- _TASK DETAILS_:
Of all the lines below, return only those starting with the line holding "- apply: ler_Er" and going on through the line holding "by apply/seteqP; split", exactly as written.

Dataset entries:
Lemma ler_Er f g : bounded_measurable f -> bounded_measurable g ->
  (forall x, f x <= g x) -> Er f <= Er g.
Proof.
move=> bf bg fg; rewrite -subr_ge0 -ErB// /Er fine_ge0// expectation_ge0// => x.
by rewrite subr_ge0.
Qed.

Lemma normr_Er_le f c : bounded_measurable f -> (forall x, `|f x| <= c) ->
  `|Er f| <= c.
Proof.
move=> bf fc; have bc := bounded_measurable_cst c.
apply/ler_normlP; rewrite -ErN// -[c]Er_cst; split.
- apply: ler_Er => // [|x]; first exact: bounded_measurableN.
  by have /ler_normlP[] := fc x.
- by apply: ler_Er => // x; have /ler_normlP[] := fc x.
Qed.

Lemma measurable_normr_gt (f : T -> R) (c : R) : measurable_fun setT f ->
  measurable [set x | c < `|f x|].
Proof.
move=> mf; rewrite -[X in measurable X]setTI.
have -> : [set x | c < `|f x|] = (Num.norm \o f) @^-1` `]c, +oo[.
  by apply/seteqP; split => x /=; rewrite in_itv /= andbT.
by apply: measurableT_comp.
Qed.

Lemma normr_ErB_le f g e : bounded_measurable f -> bounded_measurable g ->
  (forall x, `|f x - g x| <= e) -> `|Er f - Er g| <= e.
Proof.
by move=> bf bg fge; rewrite -ErB//; apply: normr_Er_le => //; exact: bounded_measurableB.
Qed.

Lemma Er_indicI A B : measurable A -> measurable B ->
  Er (fun x => \1_A x * \1_B x) = fine (P (A `&` B)).
Proof. by move=> mA mB; rewrite -Er_indic ?indicI//; exact: measurableI. Qed.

- _SOLUTION TO THE PROBLEM_:
- apply: ler_Er => // [|x]; first exact: bounded_measurableN.
  by have /ler_normlP[] := fc x.
- by apply: ler_Er => // x; have /ler_normlP[] := fc x.
Qed.

Lemma measurable_normr_gt (f : T -> R) (c : R) : measurable_fun setT f ->
  measurable [set x | c < `|f x|].
Proof.
move=> mf; rewrite -[X in measurable X]setTI.
have -> : [set x | c < `|f x|] = (Num.norm \o f) @^-1` `]c, +oo[.
  by apply/seteqP; split => x /=; rewrite in_itv /= andbT.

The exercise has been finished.